** Opening Data shown block **
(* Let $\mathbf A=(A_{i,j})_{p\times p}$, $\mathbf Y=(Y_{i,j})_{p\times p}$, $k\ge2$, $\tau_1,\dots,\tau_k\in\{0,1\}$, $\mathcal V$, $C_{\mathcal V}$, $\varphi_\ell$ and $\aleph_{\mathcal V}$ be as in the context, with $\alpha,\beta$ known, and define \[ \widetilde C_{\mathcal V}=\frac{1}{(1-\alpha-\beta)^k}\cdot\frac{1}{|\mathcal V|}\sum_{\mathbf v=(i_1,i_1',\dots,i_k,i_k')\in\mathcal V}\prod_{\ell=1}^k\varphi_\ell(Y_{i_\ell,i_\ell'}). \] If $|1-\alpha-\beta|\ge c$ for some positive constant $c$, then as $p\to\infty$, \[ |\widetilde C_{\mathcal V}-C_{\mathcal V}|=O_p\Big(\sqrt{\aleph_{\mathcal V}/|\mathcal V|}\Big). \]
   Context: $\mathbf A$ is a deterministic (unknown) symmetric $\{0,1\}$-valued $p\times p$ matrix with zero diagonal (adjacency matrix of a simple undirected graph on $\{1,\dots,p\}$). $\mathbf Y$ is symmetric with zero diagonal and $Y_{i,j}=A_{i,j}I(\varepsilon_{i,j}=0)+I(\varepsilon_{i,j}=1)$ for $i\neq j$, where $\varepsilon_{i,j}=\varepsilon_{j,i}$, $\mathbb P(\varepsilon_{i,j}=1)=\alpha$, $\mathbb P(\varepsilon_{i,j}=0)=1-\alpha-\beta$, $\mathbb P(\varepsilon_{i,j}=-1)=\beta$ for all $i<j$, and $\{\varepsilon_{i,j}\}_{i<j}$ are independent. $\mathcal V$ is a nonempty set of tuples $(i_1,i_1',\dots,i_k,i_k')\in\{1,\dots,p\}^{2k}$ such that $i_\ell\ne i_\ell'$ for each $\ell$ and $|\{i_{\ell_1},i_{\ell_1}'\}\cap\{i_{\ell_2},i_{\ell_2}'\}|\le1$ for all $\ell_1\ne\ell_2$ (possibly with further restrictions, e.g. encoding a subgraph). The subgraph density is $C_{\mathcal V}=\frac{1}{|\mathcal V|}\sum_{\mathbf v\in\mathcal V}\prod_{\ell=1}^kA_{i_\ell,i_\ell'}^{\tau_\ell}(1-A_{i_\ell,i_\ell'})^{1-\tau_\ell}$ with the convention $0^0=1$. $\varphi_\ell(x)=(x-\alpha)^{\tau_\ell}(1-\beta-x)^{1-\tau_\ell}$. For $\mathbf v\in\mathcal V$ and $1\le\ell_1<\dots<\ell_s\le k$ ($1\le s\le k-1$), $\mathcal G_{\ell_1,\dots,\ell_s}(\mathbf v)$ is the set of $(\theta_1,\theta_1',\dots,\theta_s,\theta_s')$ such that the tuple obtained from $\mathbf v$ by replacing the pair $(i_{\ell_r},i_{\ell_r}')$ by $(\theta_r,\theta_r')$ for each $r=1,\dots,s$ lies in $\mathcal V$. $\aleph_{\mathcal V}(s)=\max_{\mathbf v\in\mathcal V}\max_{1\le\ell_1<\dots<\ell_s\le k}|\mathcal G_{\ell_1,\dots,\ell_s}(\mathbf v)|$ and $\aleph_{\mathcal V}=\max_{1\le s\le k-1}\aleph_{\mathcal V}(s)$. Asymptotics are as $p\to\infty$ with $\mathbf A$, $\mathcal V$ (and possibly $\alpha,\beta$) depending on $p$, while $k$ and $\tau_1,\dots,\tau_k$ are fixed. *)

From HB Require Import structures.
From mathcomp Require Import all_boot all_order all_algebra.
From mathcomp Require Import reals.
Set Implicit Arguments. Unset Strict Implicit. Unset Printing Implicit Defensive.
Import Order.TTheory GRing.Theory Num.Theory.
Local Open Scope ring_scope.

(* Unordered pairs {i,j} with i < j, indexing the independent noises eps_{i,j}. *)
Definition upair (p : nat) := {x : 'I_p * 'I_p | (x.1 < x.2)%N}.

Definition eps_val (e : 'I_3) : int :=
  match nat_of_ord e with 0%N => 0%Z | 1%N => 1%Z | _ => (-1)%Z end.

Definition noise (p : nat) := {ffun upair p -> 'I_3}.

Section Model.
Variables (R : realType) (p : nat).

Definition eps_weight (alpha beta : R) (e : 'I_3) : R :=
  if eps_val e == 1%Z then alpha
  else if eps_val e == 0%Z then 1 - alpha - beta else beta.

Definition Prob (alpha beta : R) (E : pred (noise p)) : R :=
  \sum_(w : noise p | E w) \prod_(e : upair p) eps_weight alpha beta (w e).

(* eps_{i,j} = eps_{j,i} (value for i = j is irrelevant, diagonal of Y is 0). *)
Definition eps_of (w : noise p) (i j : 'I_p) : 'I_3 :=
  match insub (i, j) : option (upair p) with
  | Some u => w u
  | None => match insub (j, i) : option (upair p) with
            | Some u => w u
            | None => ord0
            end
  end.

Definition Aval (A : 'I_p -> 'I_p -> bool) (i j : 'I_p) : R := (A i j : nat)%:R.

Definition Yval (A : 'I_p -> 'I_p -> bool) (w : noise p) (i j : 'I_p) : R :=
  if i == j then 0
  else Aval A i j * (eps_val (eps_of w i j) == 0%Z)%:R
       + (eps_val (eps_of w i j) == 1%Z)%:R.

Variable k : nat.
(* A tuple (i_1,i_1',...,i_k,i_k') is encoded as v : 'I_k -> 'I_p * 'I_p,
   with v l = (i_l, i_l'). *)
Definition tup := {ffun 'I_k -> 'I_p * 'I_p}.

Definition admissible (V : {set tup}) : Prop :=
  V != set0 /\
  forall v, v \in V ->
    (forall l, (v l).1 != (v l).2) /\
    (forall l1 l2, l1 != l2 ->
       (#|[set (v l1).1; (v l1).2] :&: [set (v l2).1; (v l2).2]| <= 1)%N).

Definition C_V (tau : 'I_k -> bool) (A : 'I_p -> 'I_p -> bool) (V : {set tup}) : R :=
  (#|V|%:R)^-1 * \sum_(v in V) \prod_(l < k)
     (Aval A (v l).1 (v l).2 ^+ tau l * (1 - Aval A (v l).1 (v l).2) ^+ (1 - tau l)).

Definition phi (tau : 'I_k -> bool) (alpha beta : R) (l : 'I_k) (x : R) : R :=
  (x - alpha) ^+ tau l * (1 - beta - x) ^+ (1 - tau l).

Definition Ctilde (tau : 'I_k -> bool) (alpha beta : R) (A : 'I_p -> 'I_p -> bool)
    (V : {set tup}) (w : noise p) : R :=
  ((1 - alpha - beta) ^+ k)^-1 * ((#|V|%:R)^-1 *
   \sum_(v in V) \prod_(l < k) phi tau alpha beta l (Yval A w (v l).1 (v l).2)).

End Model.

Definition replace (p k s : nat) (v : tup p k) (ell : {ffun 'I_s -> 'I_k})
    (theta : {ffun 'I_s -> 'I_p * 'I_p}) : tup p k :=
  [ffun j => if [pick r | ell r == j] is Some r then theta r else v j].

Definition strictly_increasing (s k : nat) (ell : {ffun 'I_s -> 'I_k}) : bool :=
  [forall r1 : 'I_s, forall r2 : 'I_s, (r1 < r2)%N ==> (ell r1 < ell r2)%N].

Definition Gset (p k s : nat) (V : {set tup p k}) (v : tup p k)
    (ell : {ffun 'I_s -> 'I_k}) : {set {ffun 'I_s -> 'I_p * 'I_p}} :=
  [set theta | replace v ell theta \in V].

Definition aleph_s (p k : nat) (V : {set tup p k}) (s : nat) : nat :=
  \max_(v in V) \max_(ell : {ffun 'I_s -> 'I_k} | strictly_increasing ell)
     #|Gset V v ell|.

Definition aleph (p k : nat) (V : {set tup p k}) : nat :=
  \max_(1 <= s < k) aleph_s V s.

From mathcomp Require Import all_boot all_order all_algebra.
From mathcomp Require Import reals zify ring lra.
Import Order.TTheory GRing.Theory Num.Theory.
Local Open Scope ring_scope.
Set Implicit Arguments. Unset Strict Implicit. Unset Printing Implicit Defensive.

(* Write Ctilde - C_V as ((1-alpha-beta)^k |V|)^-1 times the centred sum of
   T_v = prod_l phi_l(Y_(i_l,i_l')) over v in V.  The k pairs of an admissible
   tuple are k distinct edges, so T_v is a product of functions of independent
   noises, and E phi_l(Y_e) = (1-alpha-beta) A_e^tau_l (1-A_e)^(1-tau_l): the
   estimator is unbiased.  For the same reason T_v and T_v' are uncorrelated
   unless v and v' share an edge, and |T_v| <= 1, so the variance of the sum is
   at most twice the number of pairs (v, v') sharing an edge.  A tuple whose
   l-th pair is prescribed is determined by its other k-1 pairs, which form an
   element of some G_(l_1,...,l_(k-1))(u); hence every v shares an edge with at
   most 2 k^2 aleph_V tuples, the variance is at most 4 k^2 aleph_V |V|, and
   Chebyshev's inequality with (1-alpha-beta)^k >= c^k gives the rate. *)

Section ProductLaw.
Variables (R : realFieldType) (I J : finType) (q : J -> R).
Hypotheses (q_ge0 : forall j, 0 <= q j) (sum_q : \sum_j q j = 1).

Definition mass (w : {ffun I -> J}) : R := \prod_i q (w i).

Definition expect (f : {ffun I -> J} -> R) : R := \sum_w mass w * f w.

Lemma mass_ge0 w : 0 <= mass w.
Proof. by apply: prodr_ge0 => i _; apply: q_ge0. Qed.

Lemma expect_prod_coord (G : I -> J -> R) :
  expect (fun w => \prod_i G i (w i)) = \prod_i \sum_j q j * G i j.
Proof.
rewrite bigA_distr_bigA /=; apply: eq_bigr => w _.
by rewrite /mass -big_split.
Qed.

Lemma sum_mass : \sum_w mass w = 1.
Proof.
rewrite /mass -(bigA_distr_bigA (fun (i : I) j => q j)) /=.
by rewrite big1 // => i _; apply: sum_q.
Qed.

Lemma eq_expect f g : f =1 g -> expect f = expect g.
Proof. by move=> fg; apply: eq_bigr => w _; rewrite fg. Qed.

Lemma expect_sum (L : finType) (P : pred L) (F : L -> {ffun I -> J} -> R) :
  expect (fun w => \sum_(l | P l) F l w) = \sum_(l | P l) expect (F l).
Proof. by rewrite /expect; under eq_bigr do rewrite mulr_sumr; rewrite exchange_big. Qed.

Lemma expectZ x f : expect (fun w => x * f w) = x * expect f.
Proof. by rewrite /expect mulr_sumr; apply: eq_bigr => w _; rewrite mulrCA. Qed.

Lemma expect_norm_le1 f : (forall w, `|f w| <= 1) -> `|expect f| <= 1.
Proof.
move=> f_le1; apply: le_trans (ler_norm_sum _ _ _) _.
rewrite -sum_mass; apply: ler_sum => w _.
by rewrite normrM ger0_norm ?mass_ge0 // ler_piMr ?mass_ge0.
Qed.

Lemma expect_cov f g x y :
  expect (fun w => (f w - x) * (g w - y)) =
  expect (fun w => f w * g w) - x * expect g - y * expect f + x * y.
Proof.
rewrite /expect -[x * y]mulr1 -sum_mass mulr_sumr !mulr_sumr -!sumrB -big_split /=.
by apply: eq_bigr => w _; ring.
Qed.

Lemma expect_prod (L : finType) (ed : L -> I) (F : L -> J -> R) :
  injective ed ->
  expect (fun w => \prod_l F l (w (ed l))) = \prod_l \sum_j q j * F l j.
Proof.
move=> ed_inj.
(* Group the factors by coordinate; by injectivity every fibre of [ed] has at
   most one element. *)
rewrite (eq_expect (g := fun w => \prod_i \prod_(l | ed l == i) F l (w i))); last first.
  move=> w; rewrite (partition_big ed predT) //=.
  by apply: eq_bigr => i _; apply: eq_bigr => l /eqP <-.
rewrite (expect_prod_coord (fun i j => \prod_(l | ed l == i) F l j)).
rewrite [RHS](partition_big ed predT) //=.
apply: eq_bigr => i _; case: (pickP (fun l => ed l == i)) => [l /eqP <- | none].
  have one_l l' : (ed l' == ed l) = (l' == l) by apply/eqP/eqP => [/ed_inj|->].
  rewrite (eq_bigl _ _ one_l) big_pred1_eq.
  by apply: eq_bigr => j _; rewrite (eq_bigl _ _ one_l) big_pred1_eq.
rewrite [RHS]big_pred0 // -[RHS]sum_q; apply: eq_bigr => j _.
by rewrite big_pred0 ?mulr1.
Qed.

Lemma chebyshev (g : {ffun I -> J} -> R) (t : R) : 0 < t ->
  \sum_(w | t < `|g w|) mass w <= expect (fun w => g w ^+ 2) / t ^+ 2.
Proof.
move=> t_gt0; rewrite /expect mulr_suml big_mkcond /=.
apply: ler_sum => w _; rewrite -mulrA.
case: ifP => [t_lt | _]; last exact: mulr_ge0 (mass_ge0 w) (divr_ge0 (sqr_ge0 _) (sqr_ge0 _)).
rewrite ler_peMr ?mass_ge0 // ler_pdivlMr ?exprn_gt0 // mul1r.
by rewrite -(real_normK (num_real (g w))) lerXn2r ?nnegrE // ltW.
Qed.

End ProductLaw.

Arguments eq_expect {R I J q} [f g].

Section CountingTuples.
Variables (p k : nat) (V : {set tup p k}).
** Closing Data shown block **
Please copy the lines in the records above between the one holding "rewrite -sum_mass; apply: ler_sum => w _." and the one holding "by apply: eq_bigr => j", inclusive, exactly and with no other line.

**Exercise response**
rewrite -sum_mass; apply: ler_sum => w _.
by rewrite normrM ger0_norm ?mass_ge0 // ler_piMr ?mass_ge0.
Qed.

Lemma expect_cov f g x y :
  expect (fun w => (f w - x) * (g w - y)) =
  expect (fun w => f w * g w) - x * expect g - y * expect f + x * y.
Proof.
rewrite /expect -[x * y]mulr1 -sum_mass mulr_sumr !mulr_sumr -!sumrB -big_split /=.
by apply: eq_bigr => w _; ring.
Qed.

Lemma expect_prod (L : finType) (ed : L -> I) (F : L -> J -> R) :
  injective ed ->
  expect (fun w => \prod_l F l (w (ed l))) = \prod_l \sum_j q j * F l j.
Proof.
move=> ed_inj.
(* Group the factors by coordinate; by injectivity every fibre of [ed] has at
   most one element. *)
rewrite (eq_expect (g := fun w => \prod_i \prod_(l | ed l == i) F l (w i))); last first.
  move=> w; rewrite (partition_big ed predT) //=.
  by apply: eq_bigr => i _; apply: eq_bigr => l /eqP <-.
rewrite (expect_prod_coord (fun i j => \prod_(l | ed l == i) F l j)).
rewrite [RHS](partition_big ed predT) //=.
apply: eq_bigr => i _; case: (pickP (fun l => ed l == i)) => [l /eqP <- | none].
  have one_l l' : (ed l' == ed l) = (l' == l) by apply/eqP/eqP => [/ed_inj|->].
  rewrite (eq_bigl _ _ one_l) big_pred1_eq.
  by apply: eq_bigr => j _; rewrite (eq_bigl _ _ one_l) big_pred1_eq.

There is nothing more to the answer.